▸ **DATASET ENTRIES**
§ §

(* Let $B_1$ and $B_2$ be $m$-level rook equivalent singleton boards, both written with $n$ columns, such that $\{B_1,B_2\}$ is an edge of the $m$-level rook equivalence graph. Then the $m$-level root vectors $\xi_m(B_1)$ and $\xi_m(B_2)$ differ only in two positions, whose entries are swapped. That is, if $\xi_m(B_1)=\langle z_1,\ldots,z_{i_1},\ldots,z_{i_2},\ldots,z_n\rangle$ then $\xi_m(B_2)=\langle z_1,\ldots,z_{i_2},\ldots,z_{i_1},\ldots,z_n\rangle$ for some $1\le i_1<i_2\le n$ with $z_{i_1}\ne z_{i_2}$.
   Context: Fix an integer $m>0$. A Ferrers board is given by a weakly increasing sequence of non-negative integers $B=(b_1,\ldots,b_n)$ of column heights (cells in column $i$, rows $1,\ldots,b_i$, of the first quadrant); prepending height-$0$ columns on the left does not change the board, and boards are compared with the same number of columns by such padding. The rows are partitioned into levels: level $t$ consists of rows $(t-1)m+1,\ldots,tm$. An $m$-level rook placement of $k$ rooks is a set of $k$ cells of $B$, no two in the same level or the same column; $r_{k,m}(B)$ is their number, and two boards are $m$-level rook equivalent if they have equal $r_{k,m}$ for all $k\ge0$. For an integer $o$, $\lfloor o\rfloor_m$ is the largest multiple of $m$ that is $\le o$. $B$ is singleton if for each $i<n$, $b_i-\lfloor b_i\rfloor_m\ne0$ implies $\lfloor b_i\rfloor_m<\lfloor b_{i+1}\rfloor_m$. The $m$-level root vector of $B$ is $\xi_m(B)=\langle 0-b_1,m-b_2,\ldots,m(n-1)-b_n\rangle$. The $m$-level rook equivalence graph of the class of a singleton board $B$ has as vertices all singleton boards $m$-level rook equivalent to $B$, and $\{B_1,B_2\}$ is an edge iff, written with the same number of columns, $B_1$ and $B_2$ differ in exactly two columns $i,j$, where $B_1$ has $k$ more cells than $B_2$ in column $i$ and $k$ fewer in column $j$, for some $k>0$. *)

From mathcomp Require Import all_boot all_order all_algebra.
Unset Printing Implicit Defensive.

(* A Ferrers board: the sequence of column heights b_1..b_n (0-based in Rocq),
   weakly increasing. *)
Definition ferrers (B : seq nat) : bool := sorted leq B.

(* maximal column height: rows are indexed 0..maxh B - 1 (row r = paper row r+1) *)
Definition maxh (B : seq nat) : nat := foldr maxn 0 B.

(* cells (i, r) with column i (0-based) and row r (0-based, paper row r+1) *)
Definition cell_in (B : seq nat) (c : 'I_(size B) * 'I_(maxh B)) : bool :=
  (c.2 < nth 0 B c.1)%N.

(* level of a 0-based row r : paper level t contains rows (t-1)m+1..tm,
   i.e. 0-based rows (t-1)m..tm-1, so level index (0-based) = r %/ m *)
Definition level (m r : nat) : nat := r %/ m.

Definition m_level_placement (m : nat) (B : seq nat)
    (P : {set 'I_(size B) * 'I_(maxh B)}) : bool :=
  [forall c in P, cell_in B c] &&
  [forall c in P, forall d in P,
     (c != d) ==> ((c.1 != d.1) && (level m c.2 != level m d.2))].

Definition rook_num (m k : nat) (B : seq nat) : nat :=
  #|[set P : {set 'I_(size B) * 'I_(maxh B)} |
      m_level_placement m B P && (#|P| == k)]|.

Definition rook_equiv (m : nat) (B1 B2 : seq nat) : Prop :=
  forall k, rook_num m k B1 = rook_num m k B2.

Definition floorm (m o : nat) : nat := (o %/ m) * m.

Definition singleton (m : nat) (B : seq nat) : bool :=
  [forall i : 'I_(size B),
     ((i.+1 < size B) && (nth 0 B i - floorm m (nth 0 B i) != 0))
       ==> (floorm m (nth 0 B i) < floorm m (nth 0 B i.+1))].

Definition root_vector (m : nat) (B : seq nat) : seq int :=
  [seq ((m * i)%:Z - (nth 0 B i)%:Z)%R | i <- iota 0 (size B)].

Definition edge_move (B1 B2 : seq nat) : Prop :=
  size B1 = size B2 /\
  exists i j k, [/\ (i < size B1)%N, (j < size B1)%N, i <> j & (0 < k)%N] /\
    [/\ nth 0 B1 i = nth 0 B2 i + k, nth 0 B1 j + k = nth 0 B2 j &
    forall l, l <> i -> l <> j -> nth 0 B1 l = nth 0 B2 l].

Definition rook_graph_edge (m : nat) (B1 B2 : seq nat) : Prop :=
  [/\ ferrers B1, ferrers B2, singleton m B1 & singleton m B2] /\
  rook_equiv m B1 B2 /\ edge_move B1 B2.

(* The m-level analogue of the Goldman-Joichi-White factorization theorem: if every cell of a
   column lies at a level strictly below the complete levels of each later column (as in a
   singleton Ferrers board), then
     \sum_k r_{k,m}(B) x (x - m) ... (x - m (n - k - 1)) = \prod_l (x - xi_l),
   xi being the m-level root vector.  Adding the columns from left to right, the k rooks
   already placed occupy k complete levels of the new column, hence block exactly m k of its
   rows; this produces the new factor x - xi_l.
   So rook equivalent boards give the same product.  Along an edge moving k cells from
   column i to column j, the entries xi_i and xi_j become xi_i + k and xi_j - k and the other
   entries are unchanged.  Evaluating both products beyond all roots and cancelling the common
   factors leaves a b = (a - k) (b + k), so xi_j - xi_i = k: the two entries are swapped, and
   they differ since k > 0. *)

From mathcomp Require Import all_boot all_order all_algebra.
From mathcomp Require Import zify ring.

Set Implicit Arguments.
Unset Strict Implicit.

Section Placements.

Variable m : nat.
Hypothesis m_gt0 : 0 < m.

(* A placement is read column by column: entry i is [Some r] when the rook of column i
   sits in (0-based) row r, and [None] when column i is empty. *)
Definition rook_levels (s : seq (option nat)) : seq nat := [seq r %/ m | r <- pmap id s].

Definition nrooks (s : seq (option nat)) : nat := count isSome s.

Definition column_choices (b : nat) (s : seq (option nat)) : seq (option nat) :=
  None :: [seq Some r | r <- iota 0 b & r %/ m \notin rook_levels s].

(* Recursion on the reversed board, so that each step appends the rightmost column. *)
Fixpoint placements_rev (cs : seq nat) : seq (seq (option nat)) :=
  if cs is b :: cs' then [seq rcons s o | s <- placements_rev cs', o <- column_choices b s]
  else [:: [::]].

Definition placements (B : seq nat) : seq (seq (option nat)) := placements_rev (rev B).

Definition is_placement (B : seq nat) (s : seq (option nat)) : Prop :=
  [/\ size s = size B, forall i r, nth None s i = Some r -> r < nth 0 B i
    & uniq (rook_levels s)].

Lemma placements_rcons B b :
  placements (rcons B b) = [seq rcons s o | s <- placements B, o <- column_choices b s].
Proof. by rewrite /placements rev_rcons. Qed.

Lemma rook_levels_rcons s o : rook_levels (rcons s o) = rook_levels s ++ rook_levels [:: o].
Proof. by rewrite /rook_levels -cats1 pmap_cat map_cat. Qed.

Lemma nrooks_rcons s o : nrooks (rcons s o) = nrooks s + isSome o.
Proof. by rewrite /nrooks -cats1 count_cat /= addn0. Qed.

§ §

Every line above from the line with "Definition singleton (m" to the line with "forall l, l" is wanted, ends included; write them out exactly and add no other line.

Definition singleton (m : nat) (B : seq nat) : bool :=
  [forall i : 'I_(size B),
     ((i.+1 < size B) && (nth 0 B i - floorm m (nth 0 B i) != 0))
       ==> (floorm m (nth 0 B i) < floorm m (nth 0 B i.+1))].

Definition root_vector (m : nat) (B : seq nat) : seq int :=
  [seq ((m * i)%:Z - (nth 0 B i)%:Z)%R | i <- iota 0 (size B)].

Definition edge_move (B1 B2 : seq nat) : Prop :=
  size B1 = size B2 /\
  exists i j k, [/\ (i < size B1)%N, (j < size B1)%N, i <> j & (0 < k)%N] /\
    [/\ nth 0 B1 i = nth 0 B2 i + k, nth 0 B1 j + k = nth 0 B2 j &
    forall l, l <> i -> l <> j -> nth 0 B1 l = nth 0 B2 l].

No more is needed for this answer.